_WORK ORDER_:
Return only that part of the material below which starts with the line containing "rewrite /c fmorphV /= d_conj; field." and goes on through the line containing "Section CascadeRealization.", restated exactly.

_TASK MATERIAL_:
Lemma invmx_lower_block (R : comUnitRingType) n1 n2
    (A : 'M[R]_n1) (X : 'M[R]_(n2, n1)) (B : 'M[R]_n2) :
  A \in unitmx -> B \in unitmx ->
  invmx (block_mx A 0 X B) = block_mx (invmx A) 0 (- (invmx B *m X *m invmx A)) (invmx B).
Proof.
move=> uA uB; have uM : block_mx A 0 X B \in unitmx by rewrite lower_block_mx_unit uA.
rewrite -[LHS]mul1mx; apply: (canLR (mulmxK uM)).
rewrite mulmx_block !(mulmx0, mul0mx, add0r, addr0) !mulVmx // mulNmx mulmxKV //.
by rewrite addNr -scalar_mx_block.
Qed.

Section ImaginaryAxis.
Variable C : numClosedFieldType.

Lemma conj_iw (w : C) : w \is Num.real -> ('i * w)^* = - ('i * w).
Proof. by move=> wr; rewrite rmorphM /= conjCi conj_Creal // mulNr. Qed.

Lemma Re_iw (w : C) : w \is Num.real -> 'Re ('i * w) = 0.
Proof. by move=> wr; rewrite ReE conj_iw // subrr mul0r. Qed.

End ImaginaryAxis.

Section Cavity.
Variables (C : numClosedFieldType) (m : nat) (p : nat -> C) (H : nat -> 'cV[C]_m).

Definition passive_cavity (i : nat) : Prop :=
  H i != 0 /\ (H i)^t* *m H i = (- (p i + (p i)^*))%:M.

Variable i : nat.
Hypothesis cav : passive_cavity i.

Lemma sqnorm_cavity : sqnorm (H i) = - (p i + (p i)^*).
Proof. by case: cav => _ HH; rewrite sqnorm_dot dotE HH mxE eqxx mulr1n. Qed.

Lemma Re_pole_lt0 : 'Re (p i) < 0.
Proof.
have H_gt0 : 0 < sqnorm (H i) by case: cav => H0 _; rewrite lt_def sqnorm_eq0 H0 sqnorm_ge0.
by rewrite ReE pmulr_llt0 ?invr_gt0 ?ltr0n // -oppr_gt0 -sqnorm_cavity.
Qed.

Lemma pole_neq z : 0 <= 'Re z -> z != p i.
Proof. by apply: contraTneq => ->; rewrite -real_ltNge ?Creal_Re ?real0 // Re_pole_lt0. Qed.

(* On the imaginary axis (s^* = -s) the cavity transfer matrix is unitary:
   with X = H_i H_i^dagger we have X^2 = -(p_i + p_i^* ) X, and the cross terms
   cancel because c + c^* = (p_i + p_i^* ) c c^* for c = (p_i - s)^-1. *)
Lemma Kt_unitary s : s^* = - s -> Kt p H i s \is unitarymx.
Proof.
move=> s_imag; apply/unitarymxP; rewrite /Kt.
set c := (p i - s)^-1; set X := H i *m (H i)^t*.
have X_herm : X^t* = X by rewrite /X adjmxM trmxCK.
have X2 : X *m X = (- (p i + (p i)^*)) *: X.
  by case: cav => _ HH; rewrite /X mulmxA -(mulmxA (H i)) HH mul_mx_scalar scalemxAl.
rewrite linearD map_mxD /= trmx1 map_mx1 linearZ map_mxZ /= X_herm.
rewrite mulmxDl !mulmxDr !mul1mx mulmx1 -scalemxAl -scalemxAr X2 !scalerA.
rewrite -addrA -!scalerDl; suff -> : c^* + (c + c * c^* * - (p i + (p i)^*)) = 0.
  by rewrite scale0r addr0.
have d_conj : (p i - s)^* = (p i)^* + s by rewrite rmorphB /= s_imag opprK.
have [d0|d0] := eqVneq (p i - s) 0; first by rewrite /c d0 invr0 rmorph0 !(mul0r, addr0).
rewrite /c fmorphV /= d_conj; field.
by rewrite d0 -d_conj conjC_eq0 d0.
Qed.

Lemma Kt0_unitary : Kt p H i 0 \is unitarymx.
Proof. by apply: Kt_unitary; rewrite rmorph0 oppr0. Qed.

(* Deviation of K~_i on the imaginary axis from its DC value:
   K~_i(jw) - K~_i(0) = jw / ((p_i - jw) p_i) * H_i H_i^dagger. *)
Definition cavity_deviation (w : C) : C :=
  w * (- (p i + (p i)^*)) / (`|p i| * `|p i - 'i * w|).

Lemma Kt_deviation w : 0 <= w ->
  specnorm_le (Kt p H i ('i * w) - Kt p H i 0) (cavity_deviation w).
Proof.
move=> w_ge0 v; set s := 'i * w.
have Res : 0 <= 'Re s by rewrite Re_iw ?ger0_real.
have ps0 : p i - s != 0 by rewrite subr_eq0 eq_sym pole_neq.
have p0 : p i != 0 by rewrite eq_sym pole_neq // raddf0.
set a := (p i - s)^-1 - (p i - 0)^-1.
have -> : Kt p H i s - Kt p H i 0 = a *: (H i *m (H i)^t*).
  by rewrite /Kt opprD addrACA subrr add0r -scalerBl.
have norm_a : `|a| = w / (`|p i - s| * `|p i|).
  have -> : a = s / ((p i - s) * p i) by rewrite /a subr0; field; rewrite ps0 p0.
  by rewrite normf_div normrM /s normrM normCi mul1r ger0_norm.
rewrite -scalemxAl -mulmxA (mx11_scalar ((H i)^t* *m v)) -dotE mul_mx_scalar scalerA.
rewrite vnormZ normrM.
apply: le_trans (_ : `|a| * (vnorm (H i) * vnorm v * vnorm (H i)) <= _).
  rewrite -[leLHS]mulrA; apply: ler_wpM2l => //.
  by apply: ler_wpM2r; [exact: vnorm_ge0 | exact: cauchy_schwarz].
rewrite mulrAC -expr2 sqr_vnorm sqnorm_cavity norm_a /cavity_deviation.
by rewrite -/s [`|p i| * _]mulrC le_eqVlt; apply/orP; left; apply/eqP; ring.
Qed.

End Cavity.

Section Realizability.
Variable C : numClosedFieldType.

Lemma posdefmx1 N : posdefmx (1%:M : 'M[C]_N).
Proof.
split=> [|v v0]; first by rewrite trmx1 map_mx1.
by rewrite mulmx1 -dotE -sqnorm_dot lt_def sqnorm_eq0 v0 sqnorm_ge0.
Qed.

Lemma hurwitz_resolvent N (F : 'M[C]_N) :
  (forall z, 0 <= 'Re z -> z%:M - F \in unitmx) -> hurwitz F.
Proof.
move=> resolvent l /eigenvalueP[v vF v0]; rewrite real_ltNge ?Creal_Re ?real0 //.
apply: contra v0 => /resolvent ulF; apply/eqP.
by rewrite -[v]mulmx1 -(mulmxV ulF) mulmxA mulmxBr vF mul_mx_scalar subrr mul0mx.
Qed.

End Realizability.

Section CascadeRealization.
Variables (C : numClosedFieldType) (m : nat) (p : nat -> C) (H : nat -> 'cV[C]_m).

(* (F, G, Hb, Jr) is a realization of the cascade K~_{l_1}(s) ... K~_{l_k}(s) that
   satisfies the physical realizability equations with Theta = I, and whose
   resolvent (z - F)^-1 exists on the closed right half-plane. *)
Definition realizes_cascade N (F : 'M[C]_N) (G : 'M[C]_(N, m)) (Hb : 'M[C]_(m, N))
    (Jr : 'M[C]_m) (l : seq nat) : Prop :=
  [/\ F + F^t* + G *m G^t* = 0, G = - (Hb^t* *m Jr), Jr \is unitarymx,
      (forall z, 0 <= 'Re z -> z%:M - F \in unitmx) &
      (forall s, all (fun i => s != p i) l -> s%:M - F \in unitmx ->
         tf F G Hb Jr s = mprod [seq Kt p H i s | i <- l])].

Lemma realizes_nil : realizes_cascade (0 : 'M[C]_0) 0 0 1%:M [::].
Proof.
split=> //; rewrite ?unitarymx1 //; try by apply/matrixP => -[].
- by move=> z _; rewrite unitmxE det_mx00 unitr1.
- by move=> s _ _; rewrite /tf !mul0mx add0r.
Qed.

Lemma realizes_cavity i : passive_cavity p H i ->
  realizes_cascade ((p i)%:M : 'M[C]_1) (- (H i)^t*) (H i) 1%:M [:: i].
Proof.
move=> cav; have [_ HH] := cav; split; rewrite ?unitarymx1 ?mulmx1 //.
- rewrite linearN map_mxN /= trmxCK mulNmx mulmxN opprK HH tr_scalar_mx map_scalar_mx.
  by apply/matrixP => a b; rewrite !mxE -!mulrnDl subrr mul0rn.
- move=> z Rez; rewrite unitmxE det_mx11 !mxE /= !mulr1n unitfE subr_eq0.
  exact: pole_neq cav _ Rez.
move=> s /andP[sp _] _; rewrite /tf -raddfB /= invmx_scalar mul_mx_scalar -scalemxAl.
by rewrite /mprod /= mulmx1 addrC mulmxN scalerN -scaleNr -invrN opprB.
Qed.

_SOLUTION TO THE PROBLEM_:
rewrite /c fmorphV /= d_conj; field.
by rewrite d0 -d_conj conjC_eq0 d0.
Qed.

Lemma Kt0_unitary : Kt p H i 0 \is unitarymx.
Proof. by apply: Kt_unitary; rewrite rmorph0 oppr0. Qed.

(* Deviation of K~_i on the imaginary axis from its DC value:
   K~_i(jw) - K~_i(0) = jw / ((p_i - jw) p_i) * H_i H_i^dagger. *)
Definition cavity_deviation (w : C) : C :=
  w * (- (p i + (p i)^*)) / (`|p i| * `|p i - 'i * w|).

Lemma Kt_deviation w : 0 <= w ->
  specnorm_le (Kt p H i ('i * w) - Kt p H i 0) (cavity_deviation w).
Proof.
move=> w_ge0 v; set s := 'i * w.
have Res : 0 <= 'Re s by rewrite Re_iw ?ger0_real.
have ps0 : p i - s != 0 by rewrite subr_eq0 eq_sym pole_neq.
have p0 : p i != 0 by rewrite eq_sym pole_neq // raddf0.
set a := (p i - s)^-1 - (p i - 0)^-1.
have -> : Kt p H i s - Kt p H i 0 = a *: (H i *m (H i)^t*).
  by rewrite /Kt opprD addrACA subrr add0r -scalerBl.
have norm_a : `|a| = w / (`|p i - s| * `|p i|).
  have -> : a = s / ((p i - s) * p i) by rewrite /a subr0; field; rewrite ps0 p0.
  by rewrite normf_div normrM /s normrM normCi mul1r ger0_norm.
rewrite -scalemxAl -mulmxA (mx11_scalar ((H i)^t* *m v)) -dotE mul_mx_scalar scalerA.
rewrite vnormZ normrM.
apply: le_trans (_ : `|a| * (vnorm (H i) * vnorm v * vnorm (H i)) <= _).
  rewrite -[leLHS]mulrA; apply: ler_wpM2l => //.
  by apply: ler_wpM2r; [exact: vnorm_ge0 | exact: cauchy_schwarz].
rewrite mulrAC -expr2 sqr_vnorm sqnorm_cavity norm_a /cavity_deviation.
by rewrite -/s [`|p i| * _]mulrC le_eqVlt; apply/orP; left; apply/eqP; ring.
Qed.

End Cavity.

Section Realizability.
Variable C : numClosedFieldType.

Lemma posdefmx1 N : posdefmx (1%:M : 'M[C]_N).
Proof.
split=> [|v v0]; first by rewrite trmx1 map_mx1.
by rewrite mulmx1 -dotE -sqnorm_dot lt_def sqnorm_eq0 v0 sqnorm_ge0.
Qed.

Lemma hurwitz_resolvent N (F : 'M[C]_N) :
  (forall z, 0 <= 'Re z -> z%:M - F \in unitmx) -> hurwitz F.
Proof.
move=> resolvent l /eigenvalueP[v vF v0]; rewrite real_ltNge ?Creal_Re ?real0 //.
apply: contra v0 => /resolvent ulF; apply/eqP.
by rewrite -[v]mulmx1 -(mulmxV ulF) mulmxA mulmxBr vF mul_mx_scalar subrr mul0mx.
Qed.

End Realizability.

Section CascadeRealization.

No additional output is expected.